┌──
(* Let $N_1,N_2,N_3,K$ be dyadic with $N_1\sim N_2\gg N_3$ and $K\ll N_1$, let $\phi_1,\phi_2,\phi_3\in L^2(\mathbb{T})$ satisfy $\mathrm{supp}\,\hat\phi_j\subset\mathcal{I}_{N_j}$, and let $0<\delta\lesssim N_1^{-1}$. Then \[ \big\|HP_{\le K}\big(e^{it\partial_x^2}\phi_1\,\overline{e^{it\partial_x^2}\phi_2}\big)\,e^{it\partial_x^2}\phi_3\big\|_{L^2([0,\delta];L^2(\mathbb{T}))}\lesssim\Big(\frac{K}{N_1}\Big)^{1/2}\|\phi_1\|_{L^2}\|\phi_2\|_{L^2}\|\phi_3\|_{L^2}. \] The same estimate holds if $e^{it\partial_x^2}\phi_3$ is replaced by $\overline{e^{it\partial_x^2}\phi_3}$, and also if $H$ is replaced by any Fourier multiplier with bounded symbol.
   Context: $\mathbb{T}=\mathbb{R}/2\pi\mathbb{Z}$; $\hat\phi(n)$ are Fourier coefficients. $H$ is the Hilbert transformation (Fourier multiplier $-i\,\mathrm{sgn}(\xi)$). Fix $\eta\in C_0^\infty(\mathbb{R})$ even, monotone on $[0,\infty)$, with $\chi_{[-4/3,4/3]}\le\eta\le\chi_{[-5/3,5/3]}$; $P_{\le K}$ is the Fourier multiplier with symbol $\eta(\xi/K)$. Dyadic numbers range over $\{1,2,4,\dots\}$; $\mathcal{I}_1=[-2,2]$, $\mathcal{I}_N=[-2N,2N]\setminus(-N/2,N/2)$ for $N\ge2$. $A\sim B$ means $C^{-1}B\le A\le CB$ and $A\gg B$ means $A\ge C_0B$ for suitable absolute constants; $\lesssim$ hides constants depending only on these. *)

From Stdlib Require Import Reals ZArith Lra.
From Coquelicot Require Import Coquelicot.
Open Scope R_scope.

Definition dy (k : nat) : R := 2 ^ k.

(* n in I_{2^k}:  I_1 = [-2,2],  I_N = [-2N,2N] \ (-N/2,N/2) for N >= 2 *)
Definition in_I (k : nat) (n : Z) : Prop :=
  if Nat.eqb k 0 then Rabs (IZR n) <= 2
  else dy k / 2 <= Rabs (IZR n) <= 2 * dy k.

(* supp \hat phi ⊂ I_{2^k}, phi given by its Fourier coefficients a *)
Definition supp_in (k : nat) (a : Z -> C) : Prop :=
  forall n : Z, ~ in_I k n -> a n = RtoC 0.

Definition chi (r x : R) : R := if Rle_dec (Rabs x) r then 1 else 0.

Definition eta_ok (eta : R -> R) : Prop :=
  (forall (k : nat) (x : R), ex_derive_n eta k x) /\
  (forall x, eta (- x) = eta x) /\
  (forall x y, 0 <= x -> x <= y -> eta y <= eta x) /\
  (forall x, chi (4/3) x <= eta x /\ eta x <= chi (5/3) x).

Fixpoint csum (f : nat -> C) (n : nat) : C :=
  match n with
  | O => f O
  | S p => Cplus (csum f p) (f (S p))
  end.
Definition zsum (M : nat) (f : Z -> C) : C :=
  csum (fun j => f (Z.of_nat j - Z.of_nat M)%Z) (2 * M)%nat.

Definition cexpi (x : R) : C := (cos x, sin x).

Definition bnd (k : nat) : nat := (2 * Nat.pow 2 k)%nat.

(* (e^{it d_x^2} phi)(x) = sum_n a_n e^{i(n x - n^2 t)}, phi with supp \hat phi ⊂ I_{2^k} *)
Definition free_evol (k : nat) (a : Z -> C) (t x : R) : C :=
  zsum (bnd k) (fun n => Cmult (a n) (cexpi (IZR n * x - IZR n ^ 2 * t))).

Definition phi_fun (k : nat) (a : Z -> C) : R -> C := free_evol k a 0.

Definition fcoef (f : R -> C) (n : Z) : C :=
  Cmult (RtoC (/ (2 * PI)))
        (@RInt C_R_CompleteNormedModule (fun x => Cmult (f x) (cexpi (- (IZR n * x)))) 0 (2 * PI)).

(* Fourier multiplier with symbol m composed with P_{<= K}, K = 2^kK.
   Since eta(n/K) = 0 for |n| > 5K/3, summing over |n| <= 2K is exact. *)
Definition mult_op (eta : R -> R) (m : Z -> C) (kK : nat) (f : R -> C) (x : R) : C :=
  zsum (bnd kK) (fun n =>
    Cmult (Cmult (m n) (RtoC (eta (IZR n / dy kK))))
          (Cmult (fcoef f n) (cexpi (IZR n * x)))).

Definition hsym (n : Z) : C := (0, - IZR (Z.sgn n)).

Definition l2T (f : R -> C) : R :=
  sqrt (RInt (fun x => Cmod (f x) ^ 2) 0 (2 * PI)).

Definition l2tx (F : R -> R -> C) (delta : R) : R :=
  sqrt (RInt (fun t => RInt (fun x => Cmod (F t x) ^ 2) 0 (2 * PI)) 0 delta).

Definition output (eta : R -> R) (m : Z -> C) (kK k1 k2 k3 : nat) (cj : bool)
    (a1 a2 a3 : Z -> C) : R -> R -> C :=
  fun t x =>
    Cmult (mult_op eta m kK
             (fun y => Cmult (free_evol k1 a1 t y) (Cconj (free_evol k2 a2 t y))) x)
          (if cj then Cconj (free_evol k3 a3 t x) else free_evol k3 a3 t x).

(* the estimate with constants: A for ~ and delta <~ N1^{-1}, C0 for >>, C for <~ ;
   Mset the admissible multiplier symbols *)
Definition estimate_holds (eta : R -> R) (A C0 Cst : R) (Mset : (Z -> C) -> Prop) : Prop :=
  forall (k1 k2 k3 kK : nat) (a1 a2 a3 : Z -> C) (delta : R) (cj : bool) (m : Z -> C),
    Mset m ->
    dy k1 <= A * dy k2 -> dy k2 <= A * dy k1 ->
    C0 * dy k3 <= dy k1 -> C0 * dy kK <= dy k1 ->
    supp_in k1 a1 -> supp_in k2 a2 -> supp_in k3 a3 ->
    0 < delta -> delta <= A / dy k1 ->
    l2tx (output eta m kK k1 k2 k3 cj a1 a2 a3) delta
      <= Cst * sqrt (dy kK / dy k1)
           * l2T (phi_fun k1 a1) * l2T (phi_fun k2 a2) * l2T (phi_fun k3 a3).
└──
* Your assignment *
Copy each entry exactly.

* Your response *
(* Let $N_1,N_2,N_3,K$ be dyadic with $N_1\sim N_2\gg N_3$ and $K\ll N_1$, let $\phi_1,\phi_2,\phi_3\in L^2(\mathbb{T})$ satisfy $\mathrm{supp}\,\hat\phi_j\subset\mathcal{I}_{N_j}$, and let $0<\delta\lesssim N_1^{-1}$. Then \[ \big\|HP_{\le K}\big(e^{it\partial_x^2}\phi_1\,\overline{e^{it\partial_x^2}\phi_2}\big)\,e^{it\partial_x^2}\phi_3\big\|_{L^2([0,\delta];L^2(\mathbb{T}))}\lesssim\Big(\frac{K}{N_1}\Big)^{1/2}\|\phi_1\|_{L^2}\|\phi_2\|_{L^2}\|\phi_3\|_{L^2}. \] The same estimate holds if $e^{it\partial_x^2}\phi_3$ is replaced by $\overline{e^{it\partial_x^2}\phi_3}$, and also if $H$ is replaced by any Fourier multiplier with bounded symbol.
   Context: $\mathbb{T}=\mathbb{R}/2\pi\mathbb{Z}$; $\hat\phi(n)$ are Fourier coefficients. $H$ is the Hilbert transformation (Fourier multiplier $-i\,\mathrm{sgn}(\xi)$). Fix $\eta\in C_0^\infty(\mathbb{R})$ even, monotone on $[0,\infty)$, with $\chi_{[-4/3,4/3]}\le\eta\le\chi_{[-5/3,5/3]}$; $P_{\le K}$ is the Fourier multiplier with symbol $\eta(\xi/K)$. Dyadic numbers range over $\{1,2,4,\dots\}$; $\mathcal{I}_1=[-2,2]$, $\mathcal{I}_N=[-2N,2N]\setminus(-N/2,N/2)$ for $N\ge2$. $A\sim B$ means $C^{-1}B\le A\le CB$ and $A\gg B$ means $A\ge C_0B$ for suitable absolute constants; $\lesssim$ hides constants depending only on these. *)

From Stdlib Require Import Reals ZArith Lra.
From Coquelicot Require Import Coquelicot.
Open Scope R_scope.

Definition dy (k : nat) : R := 2 ^ k.

(* n in I_{2^k}:  I_1 = [-2,2],  I_N = [-2N,2N] \ (-N/2,N/2) for N >= 2 *)
Definition in_I (k : nat) (n : Z) : Prop :=
  if Nat.eqb k 0 then Rabs (IZR n) <= 2
  else dy k / 2 <= Rabs (IZR n) <= 2 * dy k.

(* supp \hat phi ⊂ I_{2^k}, phi given by its Fourier coefficients a *)
Definition supp_in (k : nat) (a : Z -> C) : Prop :=
  forall n : Z, ~ in_I k n -> a n = RtoC 0.

Definition chi (r x : R) : R := if Rle_dec (Rabs x) r then 1 else 0.

Definition eta_ok (eta : R -> R) : Prop :=
  (forall (k : nat) (x : R), ex_derive_n eta k x) /\
  (forall x, eta (- x) = eta x) /\
  (forall x y, 0 <= x -> x <= y -> eta y <= eta x) /\
  (forall x, chi (4/3) x <= eta x /\ eta x <= chi (5/3) x).

Fixpoint csum (f : nat -> C) (n : nat) : C :=
  match n with
  | O => f O
  | S p => Cplus (csum f p) (f (S p))
  end.
Definition zsum (M : nat) (f : Z -> C) : C :=
  csum (fun j => f (Z.of_nat j - Z.of_nat M)%Z) (2 * M)%nat.

Definition cexpi (x : R) : C := (cos x, sin x).

Definition bnd (k : nat) : nat := (2 * Nat.pow 2 k)%nat.

(* (e^{it d_x^2} phi)(x) = sum_n a_n e^{i(n x - n^2 t)}, phi with supp \hat phi ⊂ I_{2^k} *)
Definition free_evol (k : nat) (a : Z -> C) (t x : R) : C :=
  zsum (bnd k) (fun n => Cmult (a n) (cexpi (IZR n * x - IZR n ^ 2 * t))).

Definition phi_fun (k : nat) (a : Z -> C) : R -> C := free_evol k a 0.

Definition fcoef (f : R -> C) (n : Z) : C :=
  Cmult (RtoC (/ (2 * PI)))
        (@RInt C_R_CompleteNormedModule (fun x => Cmult (f x) (cexpi (- (IZR n * x)))) 0 (2 * PI)).

(* Fourier multiplier with symbol m composed with P_{<= K}, K = 2^kK.
   Since eta(n/K) = 0 for |n| > 5K/3, summing over |n| <= 2K is exact. *)
Definition mult_op (eta : R -> R) (m : Z -> C) (kK : nat) (f : R -> C) (x : R) : C :=
  zsum (bnd kK) (fun n =>
    Cmult (Cmult (m n) (RtoC (eta (IZR n / dy kK))))
          (Cmult (fcoef f n) (cexpi (IZR n * x)))).

Definition hsym (n : Z) : C := (0, - IZR (Z.sgn n)).

Definition l2T (f : R -> C) : R :=
  sqrt (RInt (fun x => Cmod (f x) ^ 2) 0 (2 * PI)).

Definition l2tx (F : R -> R -> C) (delta : R) : R :=
  sqrt (RInt (fun t => RInt (fun x => Cmod (F t x) ^ 2) 0 (2 * PI)) 0 delta).

Definition output (eta : R -> R) (m : Z -> C) (kK k1 k2 k3 : nat) (cj : bool)
    (a1 a2 a3 : Z -> C) : R -> R -> C :=
  fun t x =>
    Cmult (mult_op eta m kK
             (fun y => Cmult (free_evol k1 a1 t y) (Cconj (free_evol k2 a2 t y))) x)
          (if cj then Cconj (free_evol k3 a3 t x) else free_evol k3 a3 t x).

(* the estimate with constants: A for ~ and delta <~ N1^{-1}, C0 for >>, C for <~ ;
   Mset the admissible multiplier symbols *)
Definition estimate_holds (eta : R -> R) (A C0 Cst : R) (Mset : (Z -> C) -> Prop) : Prop :=
  forall (k1 k2 k3 kK : nat) (a1 a2 a3 : Z -> C) (delta : R) (cj : bool) (m : Z -> C),
    Mset m ->
    dy k1 <= A * dy k2 -> dy k2 <= A * dy k1 ->
    C0 * dy k3 <= dy k1 -> C0 * dy kK <= dy k1 ->
    supp_in k1 a1 -> supp_in k2 a2 -> supp_in k3 a3 ->
    0 < delta -> delta <= A / dy k1 ->
    l2tx (output eta m kK k1 k2 k3 cj a1 a2 a3) delta
      <= Cst * sqrt (dy kK / dy k1)
           * l2T (phi_fun k1 a1) * l2T (phi_fun k2 a2) * l2T (phi_fun k3 a3).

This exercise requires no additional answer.